Another notable class of genes that contained sequences encoding vertebrate-specific domain pairs included those involved in the vertebrate auditory system. Tectorin-alpha is a major component of the tectorial membrane in the mammalian inner ear; in humans, a missense mutation in the ZP domain of tectorin alpha causes hearing loss in the range of 50–80 dB (Verhoeve et al. 1998). Furthermore, a mutation in the LCCL domain of cochlin, a novel gene created by domain shuffling in an ancestral vertebrate, causes deafness (Supplemental Fig. 3; Robertson et al. 2006).

Note also that genes involved in neurogenesis and immune responses were also identified. Amyloid beta (A4) precursor and agrin are involved in synaptic physiology and synapse formation (Banks et al. 2003; Kamenetz et al. 2003), stabilin 1 is a scavenger receptor (Kzhyshkowska et al. 2006), and attractin is essential for initial immune cell clustering (Duke-Cohan et al. 1998).

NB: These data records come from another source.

Lemma sorted_orient_pos m X Y Z : (3 <= m)%nat -> bwf m X -> bwf m Y -> bwf m Z ->
  (bnode X < bnode Y)%nat -> (bnode Y < bnode Z)%nat ->
  spans_interior m X Y \/ spans_interior m Y Z \/ spans_interior m X Z ->
  0 < orient (bpoint m X) (bpoint m Y) (bpoint m Z).
Proof.
  intros Hm WX WY WZ NXY NYZ Hsp.
  destruct (bnode_order m X Y WX WY NXY) as [L12 E12].
  destruct (bnode_order m Y Z WY WZ NYZ) as [L23 E23].
  destruct (bwf_bounds m X WX) as [I1 S1], (bwf_bounds m Y WY) as [I2 S2].
  destruct (bwf_bounds m Z WZ) as [I3 S3].
  rewrite !bpoint_bdry. apply bdry_orient_pos; auto.
  - intros [A [B C]]. destruct X as [v1|e1 s1], Y as [v2|e2 s2], Z as [v3|e3 s3]; simpl in *;
      try lia; try (destruct WZ; lra).
    destruct Hsp as [[P1 P2]|[[P1 P2]|[]]]; [lia|]. rewrite Nat.mod_small in P2 by lia. lia.
  - intros [A [B [C D]]]. destruct X as [v1|e1 s1], Y as [v2|e2 s2], Z as [v3|e3 s3]; simpl in *;
      try lia; try (destruct WX; lra).
    destruct Hsp as [[]|[[P1 P2]|[P1 P2]]]; [lia|].
    subst. rewrite Nat.Div0.mod_same in P2. lia.
Qed.

Lemma bpoint_orient_pos m X Y Z : (3 <= m)%nat -> bwf m X -> bwf m Y -> bwf m Z ->
  cyc_between (bnode X) (bnode Y) (bnode Z) -> spans_interior m X Z ->
  0 < orient (bpoint m X) (bpoint m Y) (bpoint m Z).
Proof.
  intros Hm WX WY WZ [B|[B|B]] Hsp.
  - apply sorted_orient_pos; auto; lia.
  - rewrite orient_cyc. apply sorted_orient_pos; auto; try lia.
    right; left; apply spans_interior_sym, Hsp.
  - rewrite orient_cyc, orient_cyc. apply sorted_orient_pos; auto; try lia.
    left; apply spans_interior_sym, Hsp.
Qed.

Lemma opposite_sides m X1 X2 Y1 Y2 : (3 <= m)%nat ->
  bwf m X1 -> bwf m X2 -> bwf m Y1 -> bwf m Y2 -> spans_interior m X1 X2 ->
  cross (bnode X1, bnode X2) (bnode Y1, bnode Y2) ->
  orient (bpoint m X1) (bpoint m X2) (bpoint m Y1) *
  orient (bpoint m X1) (bpoint m X2) (bpoint m Y2) < 0.
Proof.
  intros Hm W1 W2 W3 W4 Hsp X. pose proof (spans_interior_sym _ _ _ Hsp) as Hsp'.
  unfold cross in X; simpl in X. destruct X as [[H1 H2]|[H1 H2]].
  - pose proof (bpoint_orient_pos m X1 Y1 X2 Hm W1 W3 W2 H1 Hsp).
    pose proof (bpoint_orient_pos m X2 Y2 X1 Hm W2 W4 W1 H2 Hsp').
    rewrite (orient_swap (bpoint m X1) (bpoint m X2) (bpoint m Y1)),
      (orient_cyc (bpoint m X1) (bpoint m X2) (bpoint m Y2)). nra.
  - pose proof (bpoint_orient_pos m X1 Y2 X2 Hm W1 W4 W2 H1 Hsp).
    pose proof (bpoint_orient_pos m X2 Y1 X1 Hm W2 W3 W1 H2 Hsp').
    rewrite (orient_swap (bpoint m X1) (bpoint m X2) (bpoint m Y2)),
      (orient_cyc (bpoint m X1) (bpoint m X2) (bpoint m Y1)). nra.
Qed.

Lemma sign_change_ratio o1 o2 : o1 * o2 < 0 -> o1 - o2 <> 0 /\ 0 <= o1 / (o1 - o2) <= 1.
Proof.
  intros H. destruct (Rlt_or_le 0 o1) as [Ho1|Ho1].
  - assert (o2 < 0) by nra. split; [lra|].
    split; [left; apply Rdiv_lt_0_compat; lra|].
    apply Rmult_le_reg_r with (o1 - o2); [lra|].
    unfold Rdiv. rewrite Rmult_assoc, Rinv_l by lra. lra.
  - assert (o1 < 0) by (destruct Ho1 as [|E]; [assumption|rewrite E in H; lra]).
    assert (0 < o2) by nra.
    replace (o1 / (o1 - o2)) with ((- o1) / (o2 - o1)) by (field; lra).
    split; [lra|]. split; [left; apply Rdiv_lt_0_compat; lra|].
    apply Rmult_le_reg_r with (o2 - o1); [lra|].
    unfold Rdiv. rewrite Rmult_assoc, Rinv_l by lra. lra.
Qed.

Lemma segments_meet P1 P2 Q1 Q2 :
  orient P1 P2 Q1 * orient P1 P2 Q2 < 0 -> orient Q1 Q2 P1 * orient Q1 Q2 P2 < 0 ->
  exists q, on_seg P1 P2 q /\ on_seg Q1 Q2 q.
Proof.
  intros H1 H2.
  destruct (sign_change_ratio _ _ H1) as [D1 F1], (sign_change_ratio _ _ H2) as [D2 F2].
  exists (lerp Q1 Q2 (orient P1 P2 Q1 / (orient P1 P2 Q1 - orient P1 P2 Q2))).
  split; [|eexists; split; [exact F1|reflexivity]].
  exists (orient Q1 Q2 P1 / (orient Q1 Q2 P1 - orient Q1 Q2 P2)). split; [exact F2|].
  destruct P1 as [a b], P2 as [c d], Q1 as [e f], Q2 as [g h].
  revert D1 D2. unfold lerp, orient; simpl. intros D1 D2. f_equal; field; auto.
Qed.

Definition arrow_chord (a : arrow) : nat * nat := ((2 * a_src a)%nat, (2 * a_edge a + 1)%nat).

Lemma arrows_intersect m a b : (3 <= m)%nat -> valid_arrow m a -> valid_arrow m b ->
  cross (arrow_chord a) (arrow_chord b) -> intersects m (EArrow a) (EArrow b).
Proof.
  intros Hm [A1 [A2 [A3 [A4 A5]]]] [B1 [B2 [B3 [B4 B5]]]] X.
  set (X1 := BV (a_src a)). set (X2 := BE (a_edge a) (a_par a)).
  set (Y1 := BV (a_src b)). set (Y2 := BE (a_edge b) (a_par b)).
  assert (W1 : bwf m X1) by exact A1. assert (W2 : bwf m X2) by (split; assumption).
  assert (W3 : bwf m Y1) by exact B1. assert (W4 : bwf m Y2) by (split; assumption).
  assert (PX : spans_interior m X1 X2) by (split; assumption).
  assert (PY : spans_interior m Y1 Y2) by (split; assumption).
  assert (Hne : a_src a <> a_src b).
  { intro E. unfold arrow_chord in X. rewrite E in X. cyclic. }
  destruct (segments_meet (bpoint m X1) (bpoint m X2) (bpoint m Y1) (bpoint m Y2)) as [q [Q1 Q2]].
  - exact (opposite_sides m X1 X2 Y1 Y2 Hm W1 W2 W3 W4 PX X).
  - exact (opposite_sides m Y1 Y2 X1 X2 Hm W3 W4 W1 W2 PY (cross_sym _ _ X)).
  - (* the arrows are incident only to their distinct starting vertices *)
    exists q. split; [exact Q1|]. split; [exact Q2|].
    intros [k [_ [I1 [I2 _]]]]. simpl in I1, I2. congruence.
Qed.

Complements C6/7 and C3/4/5 were also identified due to their unique combinations of domains (Azumi et al. 2003). Fibronectin, nidogen, and vitronectin were recognized as vertebrate-specific extracellular matrix (ECM) proteins among the class II domain pairs (Patthy 2003).

Although they may not have been achieved by domain shuffling, it is worth noting that various transcription factors (HOXC9, HNF1A, CDX2, NFIC, and ZFY) categorized as class I have acquired vertebrate-specific transactivation domains. It has been suggested that the evolution of the transactivation domain was critical for the evolution of arthropod leg morphogenesis (Galant and Carroll 2002).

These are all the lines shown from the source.